1. Field of the Invention
An internal combustion engine omits the fuel ration from a fraction of its combustion chamber cycles. The pattern of fuel ration inhibition is selected primarily to control the average engine output torque, and secondarily to control transmission of vibration from the engine to its environment.
2. Prior Art
Gasoline engines generally require some means of controlling their output torque, since the maximum available torque is not always wanted. The traditional method of controlling output torque is to throttle the air intake so that the engine operates at a reduced air pressure. The air intake pressure is then sensed and used in adjusting the ration of fuel for each cylinder cycle so that the fuel-air ratio is near its optimum value. Exact timing of spark ignition is also made to depend on the air intake pressure.
The air intake pressure affects many engine characteristics such as the amount of fuel needed, vaporization and mixing of the fuel with the air, charge stratification, charge ignition, rate of burning, detonation, heat transport to the wall, deposition of carbon, exhaust gas pressure, exhaust gas recirculation, piston blowby, crankcase ventilation, and atmospheric pollution. Thus a gasoline engine's performance is necessarily compromised if it must operate over a wide range of air pressure.
Methods of engine torque control which eliminate the need to heavily throttle the air intake are disclosed in U.S. Pat. Nos. 2,771,867, 2,875,742, 2,878,798, 2,919,686, 3,100,478, 3,181,520, 3,756,205, 4,103,655 and 4,040,395. These methods reduce engine output torque by inhibiting the ration of fuel in a fraction of the combustion chamber cycles. All of the engines in these eight disclosures use fuel injector valves. In the engines of the last disclosures, the valves are electrically operated and the fraction of fuel rations which is skipped is varied through the intervention of an electronic fuel injection inhibitor.

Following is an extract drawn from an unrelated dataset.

(* Let $\mathcal{R}^{rsc}$ be a rich single-crossing domain of classical preferences on $\mathbb{Z}$, ordered by $\prec$. Then $(\mathcal{R}^{rsc},\prec)$ is a linear continuum, i.e. $\prec$ is a simple (linear) order, every nonempty subset of $\mathcal{R}^{rsc}$ that is bounded above (w.r.t. $\prec$) has a least upper bound in $\mathcal{R}^{rsc}$, and whenever $R'\prec R''$ there is $R\in\mathcal{R}^{rsc}$ with $R'\prec R\prec R''$. Moreover there is an order-preserving homeomorphism $h$ between $\mathcal{R}^{rsc}$ with the order topology and an open interval of $\mathbb{R}$ (hence $\mathbb{R}$) with the Euclidean topology; in particular the order topology on $\mathcal{R}^{rsc}$ is metrizable.
   Context: Let $\mathbb{Z}=[0,\infty)\times[0,1]$, with elements $(t,q)$ ($t$ a payment, $q$ a share or winning probability). For $x'=(t',q'),x''=(t'',q'')$ write $x'<x''$ if $t'<t''$ and $q'<q''$, and $x'\le x''$ if $x'=x''$ or $x'<x''$. A preference is a complete transitive binary relation $R$ on $\mathbb{Z}$ with strict part $P$ and indifference $I$ (decorations on $R$ carry over to $P,I$). Let $UC(R,z)=\{x:xRz\}$, $LC(R,z)=\{x:zRx\}$, $IC(R,z)=\{x:xIz\}$. $R$ is classical if: for all $q$, $t''>t'$ implies $(t',q)P(t'',q)$; for all $t$, $q''>q'$ implies $(t,q'')P(t,q')$; and $UC(R,z),LC(R,z)$ are closed in $\mathbb{Z}$ for every $z$. Two distinct classical preferences $R',R''$ satisfy the single-crossing property if for all $x,y\in\mathbb{Z}$ the set $IC(R',x)\cap IC(R'',y)$ has at most one element. A rich single-crossing domain $\mathcal{R}^{rsc}$ is a set of classical preferences any two distinct members of which satisfy the single-crossing property, and such that for all $x'<x''$ there is $R\in\mathcal{R}^{rsc}$ with $x'Ix''$. For $z\in\mathbb{Z}$ let $\square(z)=\{x\in\mathbb{Z}:x\le z\}$; $R''$ cuts $R'$ from above at $z$ if $\square(z)\cap UC(R'',z)\subseteq\square(z)\cap UC(R',z)$. It is a known fact that for distinct $R',R''\in\mathcal{R}^{rsc}$, if $R''$ cuts $R'$ from above at some bundle $(t,q)$ with $t>0,q>0$, then it does so at every bundle. For distinct $R',R''\in\mathcal{R}^{rsc}$ write $R'\prec R''$ if $R''$ cuts $R'$ from above at every $z\in\mathbb{Z}$. The order topology on $\mathcal{R}^{rsc}$ is generated by the open intervals $]R',R''[=\{R:R'\prec R\prec R''\}$ together with the open rays. *)

From Stdlib Require Import Reals.
From Coquelicot Require Import Rbar.
Open Scope R_scope.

When the engine must be operated with an output torque well below its maximum possible value, the injection inhibitor can be set for partial output torque. Then heavy air throttling is not needed and the throttle can be kept near the point of peak engine efficiency.
Inhibited fuel injection in these engines tends to prolong the life of the exhaust valves and the exhaust pipe. Moreover, cylinder cycles with inhibited fuel injection tend to either oxidize or cool any hot carbon deposits within the cylinder, thus discouraging preignition. This action is particularly effective at low torque levels that tend to develop carbon deposits in conventional engines.

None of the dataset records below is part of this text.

(* Homogeneity of s_hat: transport the substructure S and the embedding iota
   along psi, extend the result by homogeneity of r to an automorphism of U
   preserving r, and conjugate it back by psi. *)
Lemma s_hat_homogeneous (S : U -> Prop) (HS : closed S) :
  fg_subset S -> forall iota : sub HS -> U, embedding iota ->
  (forall x : sub HS, s_hat (iota x) = s_hat (proj1_sig x)) ->
  exists alpha : U -> U, automorphism alpha /\ (forall x, s_hat (alpha x) = s_hat x) /\
    forall x : sub HS, alpha (proj1_sig x) = iota x.
Proof.
  intros [l Hl] iota Hiota iota_s.
  set (HS' := gen_closed (l := map psi l)).
  pose proof (psi_image_gen Hl) as S'_XS.
  assert (S'_X : forall y, generated (map psi l) y -> section_preimage y)
    by (intros y Hy; apply (S'_XS y Hy)).
  assert (S'_S : forall y, generated (map psi l) y -> S (psi_inv y))
    by (intros y Hy; apply (S'_XS y Hy)).
  set (m := fun y : sub HS' => exist S (psi_inv (proj1_sig y)) (S'_S _ (proj2_sig y))
                                 : sub HS).
  assert (Hm : embedding m).
  { apply emb_into_sub. simpl.
    apply (inv_comp_emb psi_emb psi_inv_psi psi_invK (sub_incl_emb HS')).
    intro y. apply S'_X, (proj2_sig y). }
  set (iota' := fun y => psi (iota (m y))).
  assert (iota'_r : forall y, r (iota' y) = r (proj1_sig y)).
  { intro y. unfold iota'. rewrite (psi_into (iota (m y))). fold (s_hat (iota (m y))).
    rewrite iota_s. simpl. unfold s_hat. rewrite psi_invK by apply S'_X, (proj2_sig y).
    symmetry. apply S'_X, (proj2_sig y). }
  destruct ((proj2 (proj2 r_uh)) _ HS' (gen_fg _) iota'
              (emb_comp Hm (emb_comp Hiota psi_emb)) iota'_r) as [be [Hbe [be_r be_ext]]].
  exists (fun x => psi_inv (be (psi x))). split; [|split].
  - apply conjugate_automorphism; assumption.
  - intro x. unfold s_hat.
    rewrite psi_invK by (apply r_invariant_preimage; auto). rewrite be_r. reflexivity.
  - intros [x Sx].
    assert (Hx : generated (map psi l) (psi x))
      by (apply (gen_image (proj1 psi_emb)), Hl, Sx).
    simpl. change (be (psi x)) with (be (proj1_sig (exist _ (psi x) Hx : sub HS'))).
    rewrite be_ext. unfold iota'. rewrite psi_inv_psi. f_equal.
    apply sig_proj_inj. simpl. apply psi_inv_psi.
Qed.

Theorem s_hat_uh : uh_retraction s_hat.
Proof.
  split; [exact s_hat_retraction|split].
  - exact s_hat_universal.
  - exact s_hat_homogeneous.
Qed.
End Transfer.
End SectionPreimage.

Unset Implicit Arguments.
Set Strict Implicit.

In engines with carburetors, fractional inhibition of fuel rations can be implemented by cutting off the air-fuel mixture to particular predetermined cylinders. Many engines using the principle have been built. Engines of this type are disclosed in U.S. Pat. Nos. 2,250,814 and 4,018,204 and in Popular Science, January 1977, page 70-72.
A difficulty with all of these engines having inhibited fuel rations is the uneven generation of power. This difficulty can be alleviated by using a rather heavy flywheel. Another difficulty is that these engines tend to vibrate excessively at low engine speeds.

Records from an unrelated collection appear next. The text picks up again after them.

Lemma along2_alongl (P : spred M) s j (x : car M j) (y : car N j) :
  along P s x -> along2 (fun i x _ => P i x) s x y.
Proof. by elim: s j x y => [|a s IH] j x y //=; apply: IH. Qed.

Lemma along2_alongr (P : spred N) s j (x : car M j) (y : car N j) :
  along P s y -> along2 (fun i _ y => P i y) s x y.
Proof. by elim: s j x y => [|a s IH] j x y //=; apply: IH. Qed.

Lemma along2_inv (R : forall j, car M j -> car N j -> Prop) s j x y :
  (forall a i x y, R i x y -> R (i + 1) (arr a x) (arr a y)) ->
  R j x y -> along2 R s x y.
Proof. by move=> H; elim: s j x y => [|a s IH] j x y //= Hr; apply: IH; apply: H. Qed.

Lemma along2_and (P Q : forall j, car M j -> car N j -> Prop) s j x y :
  along2 P s x y -> along2 Q s x y ->
  @along2 (fun i x y => P i x y /\ Q i x y) s j x y.
Proof. by elim: s j x y => [|a s IH] j x y /=; [split | apply: IH]. Qed.

Lemma along2_end (P : forall j, car M j -> car N j -> Prop) s j x y :
  @along2 P s j x y -> exists i x' y', P i x' y'.
Proof. by elim: s j x y => [|a s IH] j x y /=; [exists j, x, y | apply: IH]. Qed.

End Along2.

Section GradedModule.
Variables (k : fieldType) (V A : finType) (src tgt : A -> V) (M : grmod k V A).
Hypothesis hM : is_grmod src tgt M.

Lemma ideD v j (c : k) (x y : car M j) :
  ide v (c *: x + y) = c *: ide v x + ide v y.
Proof. by case: hM. Qed.

Lemma arrD a j (c : k) (x y : car M j) :
  arr a (c *: x + y) = c *: arr a x + arr a y.
Proof. by case: hM. Qed.

Lemma ide_ide u v j (x : car M j) :
  ide v (ide u x) = if u == v then ide u x else 0.
Proof. by case: hM => _ _ []. Qed.

Lemma sum_ide j (x : car M j) : \sum_(v : V) ide v x = x.
Proof. by case: hM => _ _ []. Qed.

If an internal combustion engine is not bolted down to a massive foundation, it tends to vibrate and to transmit its vibration to the environment. The forces producing vibration are classified as either gas forces or inertia forces. Of these, the inertia forces tend to increase in proportion to the square of the engine speed, and to be unaffected by fuel ration inhibition per se. The gas forces are approximately balanced, but they result in an uneven engine output torque, whose reaction on the engine tends to make the engine rock about an axis roughly parallel to the crankshaft axis. This engine rocking torque tends to be independent of engine speed, so that engine rock due to gas forces dominates at low engine speeds.
In order to reduce transmission of engine vibration to the environment, the engine is commonly mounted on a resilient support allowing it to rock, with a restoring couple giving it a natural rocking frequency lower than most engine frequencies. This arrangement works well at the higher engine speeds, but it may do more harm than good at a low engine speed for which a gas torque frequency coincides with the natural engine rocking frequency.
When an engine has a fraction of its fuel rations inhibited, the reduction of its average output torque is accompanied by an increase in some of its low frequency torque components. Thus at low engine speeds a considerable amount of mechanical vibration may be transmitted from an inhibited engine to its environment. If there is a flexible drive train between the engine and its load, excessive oscillation may develop in this drive train, especially at low engine speeds.